**Data in this exercise:**
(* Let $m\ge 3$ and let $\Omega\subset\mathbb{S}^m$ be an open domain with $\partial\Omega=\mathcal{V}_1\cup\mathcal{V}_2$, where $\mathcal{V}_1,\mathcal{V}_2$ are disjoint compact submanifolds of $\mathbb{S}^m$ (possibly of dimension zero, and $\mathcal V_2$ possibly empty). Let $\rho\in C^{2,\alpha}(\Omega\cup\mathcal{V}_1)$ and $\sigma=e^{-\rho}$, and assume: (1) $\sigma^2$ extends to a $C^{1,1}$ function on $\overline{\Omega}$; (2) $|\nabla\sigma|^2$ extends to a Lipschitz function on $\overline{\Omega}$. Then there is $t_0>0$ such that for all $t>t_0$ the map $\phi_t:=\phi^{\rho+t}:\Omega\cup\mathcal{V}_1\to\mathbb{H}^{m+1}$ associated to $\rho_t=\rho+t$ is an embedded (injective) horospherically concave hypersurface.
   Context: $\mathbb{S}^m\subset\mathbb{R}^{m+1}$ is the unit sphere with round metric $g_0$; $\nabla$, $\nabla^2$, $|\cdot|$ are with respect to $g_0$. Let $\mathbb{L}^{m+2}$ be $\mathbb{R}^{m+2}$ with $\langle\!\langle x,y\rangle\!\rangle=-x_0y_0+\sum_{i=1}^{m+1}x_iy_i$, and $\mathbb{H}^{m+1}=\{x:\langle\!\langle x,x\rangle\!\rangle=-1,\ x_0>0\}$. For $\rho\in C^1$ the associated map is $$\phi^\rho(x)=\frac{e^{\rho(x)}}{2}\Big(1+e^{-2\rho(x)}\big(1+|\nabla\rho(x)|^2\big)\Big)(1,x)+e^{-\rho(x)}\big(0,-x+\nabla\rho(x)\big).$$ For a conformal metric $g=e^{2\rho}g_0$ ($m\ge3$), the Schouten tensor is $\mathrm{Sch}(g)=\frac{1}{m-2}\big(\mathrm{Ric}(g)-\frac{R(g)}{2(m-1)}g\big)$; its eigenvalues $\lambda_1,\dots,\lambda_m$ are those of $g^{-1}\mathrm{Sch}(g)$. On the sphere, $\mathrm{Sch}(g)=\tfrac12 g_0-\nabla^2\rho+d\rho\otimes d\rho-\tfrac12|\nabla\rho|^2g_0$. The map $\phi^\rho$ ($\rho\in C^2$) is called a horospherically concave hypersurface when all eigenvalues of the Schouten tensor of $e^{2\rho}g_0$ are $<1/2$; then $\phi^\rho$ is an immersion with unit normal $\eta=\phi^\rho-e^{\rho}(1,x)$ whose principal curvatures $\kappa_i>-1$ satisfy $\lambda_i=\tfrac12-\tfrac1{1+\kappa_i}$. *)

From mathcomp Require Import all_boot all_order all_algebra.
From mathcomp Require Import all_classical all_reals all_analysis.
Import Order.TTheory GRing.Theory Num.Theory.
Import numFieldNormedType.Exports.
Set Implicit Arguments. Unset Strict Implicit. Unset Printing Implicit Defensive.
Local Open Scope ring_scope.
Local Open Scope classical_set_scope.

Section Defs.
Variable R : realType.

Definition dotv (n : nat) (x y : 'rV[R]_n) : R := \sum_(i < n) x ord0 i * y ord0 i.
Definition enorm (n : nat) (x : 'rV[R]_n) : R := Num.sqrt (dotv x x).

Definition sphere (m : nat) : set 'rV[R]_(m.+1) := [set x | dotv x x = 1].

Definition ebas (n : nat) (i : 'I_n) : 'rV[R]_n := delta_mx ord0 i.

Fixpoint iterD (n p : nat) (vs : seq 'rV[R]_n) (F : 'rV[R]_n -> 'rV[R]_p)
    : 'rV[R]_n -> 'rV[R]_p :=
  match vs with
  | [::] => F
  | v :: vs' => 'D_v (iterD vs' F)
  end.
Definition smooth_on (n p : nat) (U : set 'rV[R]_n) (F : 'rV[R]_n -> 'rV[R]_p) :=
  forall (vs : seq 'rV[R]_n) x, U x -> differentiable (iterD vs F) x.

**Exercise goal:** Now write the data shown above out again, word for word.

**Solved exercise:**
(* Let $m\ge 3$ and let $\Omega\subset\mathbb{S}^m$ be an open domain with $\partial\Omega=\mathcal{V}_1\cup\mathcal{V}_2$, where $\mathcal{V}_1,\mathcal{V}_2$ are disjoint compact submanifolds of $\mathbb{S}^m$ (possibly of dimension zero, and $\mathcal V_2$ possibly empty). Let $\rho\in C^{2,\alpha}(\Omega\cup\mathcal{V}_1)$ and $\sigma=e^{-\rho}$, and assume: (1) $\sigma^2$ extends to a $C^{1,1}$ function on $\overline{\Omega}$; (2) $|\nabla\sigma|^2$ extends to a Lipschitz function on $\overline{\Omega}$. Then there is $t_0>0$ such that for all $t>t_0$ the map $\phi_t:=\phi^{\rho+t}:\Omega\cup\mathcal{V}_1\to\mathbb{H}^{m+1}$ associated to $\rho_t=\rho+t$ is an embedded (injective) horospherically concave hypersurface.
   Context: $\mathbb{S}^m\subset\mathbb{R}^{m+1}$ is the unit sphere with round metric $g_0$; $\nabla$, $\nabla^2$, $|\cdot|$ are with respect to $g_0$. Let $\mathbb{L}^{m+2}$ be $\mathbb{R}^{m+2}$ with $\langle\!\langle x,y\rangle\!\rangle=-x_0y_0+\sum_{i=1}^{m+1}x_iy_i$, and $\mathbb{H}^{m+1}=\{x:\langle\!\langle x,x\rangle\!\rangle=-1,\ x_0>0\}$. For $\rho\in C^1$ the associated map is $$\phi^\rho(x)=\frac{e^{\rho(x)}}{2}\Big(1+e^{-2\rho(x)}\big(1+|\nabla\rho(x)|^2\big)\Big)(1,x)+e^{-\rho(x)}\big(0,-x+\nabla\rho(x)\big).$$ For a conformal metric $g=e^{2\rho}g_0$ ($m\ge3$), the Schouten tensor is $\mathrm{Sch}(g)=\frac{1}{m-2}\big(\mathrm{Ric}(g)-\frac{R(g)}{2(m-1)}g\big)$; its eigenvalues $\lambda_1,\dots,\lambda_m$ are those of $g^{-1}\mathrm{Sch}(g)$. On the sphere, $\mathrm{Sch}(g)=\tfrac12 g_0-\nabla^2\rho+d\rho\otimes d\rho-\tfrac12|\nabla\rho|^2g_0$. The map $\phi^\rho$ ($\rho\in C^2$) is called a horospherically concave hypersurface when all eigenvalues of the Schouten tensor of $e^{2\rho}g_0$ are $<1/2$; then $\phi^\rho$ is an immersion with unit normal $\eta=\phi^\rho-e^{\rho}(1,x)$ whose principal curvatures $\kappa_i>-1$ satisfy $\lambda_i=\tfrac12-\tfrac1{1+\kappa_i}$. *)

From mathcomp Require Import all_boot all_order all_algebra.
From mathcomp Require Import all_classical all_reals all_analysis.
Import Order.TTheory GRing.Theory Num.Theory.
Import numFieldNormedType.Exports.
Set Implicit Arguments. Unset Strict Implicit. Unset Printing Implicit Defensive.
Local Open Scope ring_scope.
Local Open Scope classical_set_scope.

Section Defs.
Variable R : realType.

Definition dotv (n : nat) (x y : 'rV[R]_n) : R := \sum_(i < n) x ord0 i * y ord0 i.
Definition enorm (n : nat) (x : 'rV[R]_n) : R := Num.sqrt (dotv x x).

Definition sphere (m : nat) : set 'rV[R]_(m.+1) := [set x | dotv x x = 1].

Definition ebas (n : nat) (i : 'I_n) : 'rV[R]_n := delta_mx ord0 i.

Fixpoint iterD (n p : nat) (vs : seq 'rV[R]_n) (F : 'rV[R]_n -> 'rV[R]_p)
    : 'rV[R]_n -> 'rV[R]_p :=
  match vs with
  | [::] => F
  | v :: vs' => 'D_v (iterD vs' F)
  end.
Definition smooth_on (n p : nat) (U : set 'rV[R]_n) (F : 'rV[R]_n -> 'rV[R]_p) :=
  forall (vs : seq 'rV[R]_n) x, U x -> differentiable (iterD vs F) x.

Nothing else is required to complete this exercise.